We dismiss the Union’s contrary to law exception as barred by § 2429.5 of the Authority’s Regulations and deny the Union’s remaining exceptions.
 Article 27, § 1, provides: “A detail is the temporary assignment of an employee to a different position or to the same position at a different duty station for a specific period, with the employee returning to his/her regular duties or duty station at the end of the detail.” Award at 6. In addition, Article 4, § 1.A. provides, in pertinent part: “The [Agency] will provide the Union reasonable advance notice prior to implementation of changes affecting conditions of employment subject to bargaining under 5 U.S.C. 71.” Id. at 5.
 Under § 7113(b) of the Statute, any union that has “national consultation rights” with an agency must be informed of any proposed “substantive change in conditions of employment” and must also be given an opportunity to “present its views and recommendations” regarding the substantive changes. 5 U.S.C. § 7113(b)(1)(A) and (B); Nat’l Guard Bureau, 57 FLRA 240, 243 (2001).

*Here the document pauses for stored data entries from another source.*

(* Let $\Lambda$ be a consistent normal modal logic, let $M\subseteq\{\Diamond,\Box\}$, and let $C$ be a Boolean clone. (1) If $\Lambda$ is of Type A, then $\mathsf{Clos}^\Lambda_M(C)=C$. (2) If $\Lambda$ is of Type B, then $\mathsf{Clos}^\Lambda_M(C)$ equals $C$ if $M=\emptyset$, $C\sqcup\{\bot\}$ if $M=\{\Diamond\}$, $C\sqcup\{\top\}$ if $M=\{\Box\}$, and $C\sqcup\{\top,\bot\}$ if $M=\{\Diamond,\Box\}$. (3) If $\Lambda$ is of Type C, then $C\subseteq\mathsf{Clos}^\Lambda_M(C)\subseteq D$, where $D$ is $C$ if $M=\emptyset$, $C\sqcup\{\bot\}$ if $M=\{\Diamond\}$, $C\sqcup\{\top\}$ if $M=\{\Box\}$, and $C\sqcup\{\top,\bot\}$ if $M=\{\Diamond,\Box\}$.
   Context: Modal formulas: $\phi::=x\mid\neg\phi\mid\phi\land\psi\mid\phi\lor\psi\mid\Diamond\phi\mid\Box\phi$. A normal modal logic is a set of modal formulas containing all propositional tautologies, the K axiom and $\Diamond\phi\leftrightarrow\neg\Box\neg\phi$, closed under modus ponens, uniform substitution and necessitation; $\Lambda\vdash\phi$ means $\phi\in\Lambda$. $F_\circ$ ($F_\bullet$) is the one-world frame with a reflexive (irreflexive) world. $\Lambda$ is of Type A if $F_\circ\models\Lambda$; of Type B if $F_\bullet\models\Lambda$ and $\Lambda\vdash\Box^n\bot$ for some $n\ge1$; of Type C if $F_\bullet\models\Lambda$, $\Lambda\not\vdash\Box^n\bot$ for all $n\ge1$, and $\Lambda\vdash\bigvee_{k\le n}\Diamond^k\Box\bot$ for some $n\ge1$. A Boolean function is a map $\{0,1\}^n\to\{0,1\}$ with $n\ge1$ (constants $\top,\bot$ are constant unary functions); a Boolean clone is a set of Boolean functions containing all projections and closed under composition; for sets $C,X$ of Boolean functions, $C\sqcup X$ is the Boolean clone generated by $C\cup X$. For each Boolean function $f$ fix a propositional formula $\phi_f$ defining it. For a set $\Phi$ of modal formulas, $\mathrm{ML}_\Phi$ is the smallest set containing all variables and containing $\oplus_\phi(\psi_1,\dots,\psi_n)$ whenever $\phi(x_1,\dots,x_n)\in\Phi$ and $\psi_i\in\mathrm{ML}_\Phi$; such a formula is identified with the ordinary modal formula obtained by recursively substituting $\psi_i$ for $x_i$ in $\phi$. $\mathrm{ML}_{M\cup O}$ denotes $\mathrm{ML}_\Phi$ where $\Phi$ consists of $\Diamond x$ (if $\Diamond\in M$), $\Box x$ (if $\Box\in M$) and $\phi_f$ for $f\in O$. $\mathsf{Clos}^\Lambda_M(O)$ is the set of Boolean functions $f$ such that $\Lambda\vdash\phi_f\leftrightarrow\phi$ for some $\phi\in\mathrm{ML}_{M\cup O}$. *)

From mathcomp Require Import all_boot.
Set Implicit Arguments. Unset Strict Implicit. Unset Printing Implicit Defensive.

(* Variables x_1, x_2, ... are encoded as Var 0, Var 1, ... *)
Inductive form : Type :=
| Var : nat -> form
| Neg : form -> form
| And : form -> form -> form
| Or  : form -> form -> form
| Dia : form -> form
| Box : form -> form.

Definition Imp (a b : form) : form := Or (Neg a) b.
Definition Iff (a b : form) : form := And (Imp a b) (Imp b a).
Definition FBot : form := And (Var 0) (Neg (Var 0)).

Fixpoint subst (s : nat -> form) (p : form) : form :=
  match p with
  | Var x => s x
  | Neg a => Neg (subst s a)
  | And a b => And (subst s a) (subst s b)
  | Or a b => Or (subst s a) (subst s b)
  | Dia a => Dia (subst s a)
  | Box a => Box (subst s a)
  end.

(* Evaluation treating variables and modal subformulas as propositional atoms;
   a formula is a propositional tautology (i.e. a substitution instance of a
   classical tautology) iff it is true under every such assignment. *)
Fixpoint teval (v : form -> bool) (p : form) : bool :=
  match p with
  | Var x => v (Var x)
  | Neg a => ~~ teval v a
  | And a b => teval v a && teval v b
  | Or a b => teval v a || teval v b
  | Dia a => v (Dia a)
  | Box a => v (Box a)
  end.

Definition tautology (p : form) : Prop := forall v, teval v p.

Definition normal_logic (L : form -> Prop) : Prop :=
  (forall p, tautology p -> L p) /\
  [/\ L (Imp (Box (Imp (Var 0) (Var 1))) (Imp (Box (Var 0)) (Box (Var 1)))),
      L (Iff (Dia (Var 0)) (Neg (Box (Neg (Var 0))))),
      (forall p q, L (Imp p q) -> L p -> L q),
      (forall s p, L p -> L (subst s p)) &
      (forall p, L p -> L (Box p))].

Definition consistent (L : form -> Prop) : Prop := exists p, ~ L p.

Fixpoint sat (W : Type) (R : W -> W -> Prop) (V : nat -> W -> Prop)
    (w : W) (p : form) : Prop :=
  match p with
  | Var x => V x w
  | Neg a => ~ sat R V w a
  | And a b => sat R V w a /\ sat R V w b
  | Or a b => sat R V w a \/ sat R V w b
  | Dia a => exists w', R w w' /\ sat R V w' a
  | Box a => forall w', R w w' -> sat R V w' a
  end.

Definition frame_validates (W : Type) (R : W -> W -> Prop) (L : form -> Prop) :=
  forall p, L p -> forall V w, sat R V w p.

Definition R_circ : unit -> unit -> Prop := fun _ _ => True.
Definition R_bullet : unit -> unit -> Prop := fun _ _ => False.

Fixpoint box_iter (n : nat) (p : form) : form :=
  if n is n'.+1 then Box (box_iter n' p) else p.
Fixpoint dia_iter (n : nat) (p : form) : form :=
  if n is n'.+1 then Dia (dia_iter n' p) else p.

Fixpoint big_dia_boxbot (n : nat) : form :=
  match n with
  | 0 => Box FBot
  | n'.+1 => Or (big_dia_boxbot n') (dia_iter n (Box FBot))
  end.

Definition typeA (L : form -> Prop) : Prop := frame_validates R_circ L.
Definition typeB (L : form -> Prop) : Prop :=
  frame_validates R_bullet L /\ exists n, 0 < n /\ L (box_iter n FBot).
Definition typeC (L : form -> Prop) : Prop :=
  [/\ frame_validates R_bullet L,
      (forall n, 0 < n -> ~ L (box_iter n FBot)) &
      exists n, 0 < n /\ L (big_dia_boxbot n)].

Record BF := mkBF {
  bf_ar : nat;
  bf_fun : {ffun {ffun 'I_bf_ar -> bool} -> bool};
  bf_pos : 0 < bf_ar }.

Definition bset := BF -> Prop.

Definition proj (n : nat) (hn : 0 < n) (i : 'I_n) : BF :=
  @mkBF n [ffun x : {ffun 'I_n -> bool} => x i] hn.

Definition compose (f : BF) (m : nat) (hm : 0 < m)
    (g : 'I_(bf_ar f) -> {ffun {ffun 'I_m -> bool} -> bool}) : BF :=
  @mkBF m [ffun x : {ffun 'I_m -> bool} => bf_fun f [ffun i => g i x]] hm.

Definition clone (C : bset) : Prop :=
  (forall n (hn : 0 < n) (i : 'I_n), C (proj hn i)) /\
  (forall f m (hm : 0 < m) (g : 'I_(bf_ar f) -> {ffun {ffun 'I_m -> bool} -> bool}),
     C f -> (forall i, C (@mkBF m (g i) hm)) -> C (compose hm g)).

Definition gen_clone (S : bset) : bset :=
  fun f => forall D, clone D -> (forall g, S g -> D g) -> D f.

Definition join (C X : bset) : bset := gen_clone (fun f => C f \/ X f).

Definition bf_top : BF := @mkBF 1 [ffun _ => true] isT.
Definition bf_bot : BF := @mkBF 1 [ffun _ => false] isT.

Fixpoint modal_free (p : form) : bool :=
  match p with
  | Var _ => true
  | Neg a => modal_free a
  | And a b | Or a b => modal_free a && modal_free b
  | Dia _ | Box _ => false
  end.

Fixpoint vars_below (n : nat) (p : form) : bool :=
  match p with
  | Var x => x < n
  | Neg a | Dia a | Box a => vars_below n a
  | And a b | Or a b => vars_below n a && vars_below n b
  end.

Fixpoint peval (v : nat -> bool) (p : form) : bool :=
  match p with
  | Var x => v x
  | Neg a => ~~ peval v a
  | And a b => peval v a && peval v b
  | Or a b => peval v a || peval v b
  | Dia a => false
  | Box a => false
  end.

Definition defining (phi : BF -> form) : Prop :=
  forall f, [/\ modal_free (phi f), vars_below (bf_ar f) (phi f) &
             forall v : nat -> bool,
               peval v (phi f) = bf_fun f [ffun i => v (nat_of_ord i)]].

Definition args_subst (n : nat) (psi : 'I_n -> form) : nat -> form :=
  fun k => match insub k with Some i => psi i | None => Var k end.

(* ML_{M u O}; M is given by two booleans (Dia in M, Box in M) *)
Inductive ML (hasDia hasBox : bool) (O : bset) (phi : BF -> form) : form -> Prop :=
| ML_var x : ML hasDia hasBox O phi (Var x)
| ML_dia p : hasDia -> ML hasDia hasBox O phi p ->
             ML hasDia hasBox O phi (subst (fun _ => p) (Dia (Var 0)))
| ML_box p : hasBox -> ML hasDia hasBox O phi p ->
             ML hasDia hasBox O phi (subst (fun _ => p) (Box (Var 0)))
| ML_op f (psi : 'I_(bf_ar f) -> form) : O f ->
             (forall i, ML hasDia hasBox O phi (psi i)) ->
             ML hasDia hasBox O phi (subst (args_subst psi) (phi f)).

Definition Clos (L : form -> Prop) (hasDia hasBox : bool) (phi : BF -> form)
    (O : bset) : bset :=
  fun f => exists p, ML hasDia hasBox O phi p /\ L (Iff (phi f) p).

Definition Dset (hasDia hasBox : bool) (C : bset) : bset :=
  match hasDia, hasBox with
  | false, false => C
  | true, false => join C (fun f => f = bf_bot)
  | false, true => join C (fun f => f = bf_top)
  | true, true => join C (fun f => f = bf_top \/ f = bf_bot)
  end.

From mathcomp Require Import all_boot.
Set Implicit Arguments. Unset Strict Implicit. Unset Printing Implicit Defensive.

(* Lower bounds: in any normal logic Clos is a clone, since L-equivalent
   formulas may be substituted for each other; it contains C through the
   formulas phi_f(x_1, ..., x_n); and if L |- []^n bot, then []^n x and <>^n x
   are L-equivalent to top and bot.
   Upper bounds: a one-world frame validating L collapses every formula to a
   Boolean function.  On the reflexive world [] and <> are the identity, on the
   irreflexive one []a is true and <>a is false, so a formula of ML_{M u C}
   defines a function of C, resp. of C joined with the constants that M makes
   available; and f in Clos equals that function, because L-equivalent formulas
   agree on a frame validating L. *)

Ltac truth_table :=
  let v := fresh "v" in
  move=> v /=;
  repeat match goal with
  | |- context [teval v ?a] => case: (teval v a)
  | |- context [v ?a] => case: (v a)
  end.

Definition prop_hom (e : form -> bool) : Prop :=
  forall a b, [/\ e (Neg a) = ~~ e a, e (And a b) = e a && e b
                & e (Or a b) = e a || e b].

Lemma subst_var p : subst Var p = p.
Proof. by elim: p => //= [a ->|a -> b ->|a -> b ->|a ->|a ->]. Qed.

Lemma subst_comp s t p : subst s (subst t p) = subst (fun k => subst s (t k)) p.
Proof. by elim: p => //= [a ->|a -> b ->|a -> b ->|a ->|a ->]. Qed.

Lemma eq_subst_vars_below n s t p : vars_below n p ->
  (forall k, k < n -> s k = t k) -> subst s p = subst t p.
Proof.
move=> + st; elim: p => /= [k /st //|a IH /IH ->|a IHa b IHb /andP[/IHa -> /IHb ->]
  |a IHa b IHb /andP[/IHa -> /IHb ->]|a IH /IH ->|a IH /IH ->] //.
Qed.

Lemma prop_hom_subst e s p : prop_hom e -> modal_free p ->
  e (subst s p) = peval (fun k => e (s k)) p.
Proof.
move=> hom; elim: p => //= [a IH|a IHa b IHb|a IHa b IHb].
- by case: (hom (subst s a) (subst s a)) => -> _ _ /IH ->.
- by case: (hom (subst s a) (subst s b)) => _ -> _ /andP[/IHa -> /IHb ->].
- by case: (hom (subst s a) (subst s b)) => _ _ -> /andP[/IHa -> /IHb ->].
Qed.

Lemma taut_iff a b : (forall v, teval v a = teval v b) -> tautology (Iff a b).
Proof. by move=> ab v /=; rewrite ab; case: (teval v b). Qed.

Lemma args_substE n (psi : 'I_n -> form) (i : 'I_n) : args_subst psi i = psi i.
Proof. by rewrite /args_subst valK. Qed.

Section DefiningFormulas.

Variable phi : BF -> form.
Hypothesis phi_def : defining phi.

 The Union also argues that the Arbitrator exceeded his authority, but does not support this contention. See Exceptions at 8. As such, we reject this claim as a bare assertion. See, e.g., SSA, Balt., Md., 57 FLRA 690, 694 n.9 (2002) (dismissing unsupported claim that arbitrator exceeded his authority as a bare assertion). In addition, the Union asserts that the Arbitrator’s conclusion that the Agency did not change a condition of employment lacks “analysis” and is therefore based on a nonfact. Exceptions at 9. The Union’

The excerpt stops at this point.